Definition SYM : Prop :=
  (forall (i : 'I_k) (omega : bool) (psi : Fn R k), 0 < Pk psi ->
     \sum_(tau : Sig k | tau i == omega) psi tau = (2 ^ k.-1)%:R * xi)
  /\ (forall (psi : Fn R k) (theta : 'S_k), Pk psi = Pk (psi_perm psi theta)).

Definition is_dist1 (mu : {ffun bool -> R}) : Prop :=
  (forall w, 0 <= mu w) /\ \sum_(w : bool) mu w = 1.
Definition unif1 : {ffun bool -> R} := [ffun _ => 2%:R^-1].

Definition phi1 (mu : {ffun bool -> R}) : R :=
  \sum_(tau : Sig k) Epsi (fun psi => psi tau) * \prod_(i < k) mu (tau i).

Definition BAL : Prop :=
  (forall (mu nu : {ffun bool -> R}) (t : R), is_dist1 mu -> is_dist1 nu ->
     0 <= t <= 1 ->
     t * phi1 mu + (1 - t) * phi1 nu <= phi1 [ffun w => t * mu w + (1 - t) * nu w])
  /\ (forall mu, is_dist1 mu -> phi1 mu <= phi1 unif1).

Definition is_dist2_unif_marg (rho : {ffun bool * bool -> R}) : Prop :=
  (forall w, 0 <= rho w) /\ \sum_(w : bool * bool) rho w = 1
  /\ (forall w, \sum_(w' : bool) rho (w, w') = 2%:R^-1)
  /\ (forall w, \sum_(w' : bool) rho (w', w) = 2%:R^-1).
Definition unif2 : {ffun bool * bool -> R} := [ffun _ => 4%:R^-1].

Definition phi2 (rho : {ffun bool * bool -> R}) : R :=
  \sum_(sigma : Sig k) \sum_(tau : Sig k)
     Epsi (fun psi => psi sigma * psi tau) * \prod_(i < k) rho (sigma i, tau i).

Definition MIN : Prop :=
  is_dist2_unif_marg unif2 /\
  (forall rho, is_dist2_unif_marg rho -> rho <> unif2 -> phi2 unif2 < phi2 rho).

(* Factor graphs: n variables 'I_n, m constraints 'I_m; constraint a has
   constraint function psi_a and variable tuple dd a : 'I_k -> 'I_n. *)
Definition fg_vertex (n m : nat) := ('I_n + 'I_m)%type.

Definition fg_adj (n m : nat) (dd : 'I_m -> 'I_k -> 'I_n)
  : rel (fg_vertex n m) :=
  fun u v => match u, v with
  | inl x, inr a => x \in codom (dd a)
  | inr a, inl x => x \in codom (dd a)
  | _, _ => false
  end.

End KBal.

Section Graph.
Variables (V : finType) (e : rel V).
Definition connected_graph : Prop := forall u v : V, connect e u v.
Definition is_graph_cycle (c : seq V) : Prop := [/\ uniq c, (3 <= size c)%N & path.cycle e c].
Definition cycle_edges (c : seq V) : {set {set V}} :=
  [set [set x; next c x] | x in c].
Definition unicyclic : Prop :=
  connected_graph /\ (exists c, is_graph_cycle c) /\
  (forall c c', is_graph_cycle c -> is_graph_cycle c' -> cycle_edges c = cycle_edges c').
End Graph.

Definition UNI (R : rcfType) (k : nat) (lam : R) : Prop :=
  forall (n m : nat) (psi : 'I_m -> Fn R k) (dd : 'I_m -> 'I_k -> 'I_n),
    (forall a, 0 < Pk lam (psi a)) ->
    (forall a, injective (dd a)) ->
    unicyclic (fg_adj dd) ->
    exists sigma : 'I_n -> bool,
      0 < \prod_(a < m) psi a [ffun i => sigma (dd a i)].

## About this exercise
Find the line with "fun u v => match u, v with" in the data above. Restate it and all later lines word for word, ending with the last line.

## Expected output
  fun u v => match u, v with
  | inl x, inr a => x \in codom (dd a)
  | inr a, inl x => x \in codom (dd a)
  | _, _ => false
  end.

End KBal.

Section Graph.
Variables (V : finType) (e : rel V).
Definition connected_graph : Prop := forall u v : V, connect e u v.
Definition is_graph_cycle (c : seq V) : Prop := [/\ uniq c, (3 <= size c)%N & path.cycle e c].
Definition cycle_edges (c : seq V) : {set {set V}} :=
  [set [set x; next c x] | x in c].
Definition unicyclic : Prop :=
  connected_graph /\ (exists c, is_graph_cycle c) /\
  (forall c c', is_graph_cycle c -> is_graph_cycle c' -> cycle_edges c = cycle_edges c').
End Graph.

Definition UNI (R : rcfType) (k : nat) (lam : R) : Prop :=
  forall (n m : nat) (psi : 'I_m -> Fn R k) (dd : 'I_m -> 'I_k -> 'I_n),
    (forall a, 0 < Pk lam (psi a)) ->
    (forall a, injective (dd a)) ->
    unicyclic (fg_adj dd) ->
    exists sigma : 'I_n -> bool,
      0 < \prod_(a < m) psi a [ffun i => sigma (dd a i)].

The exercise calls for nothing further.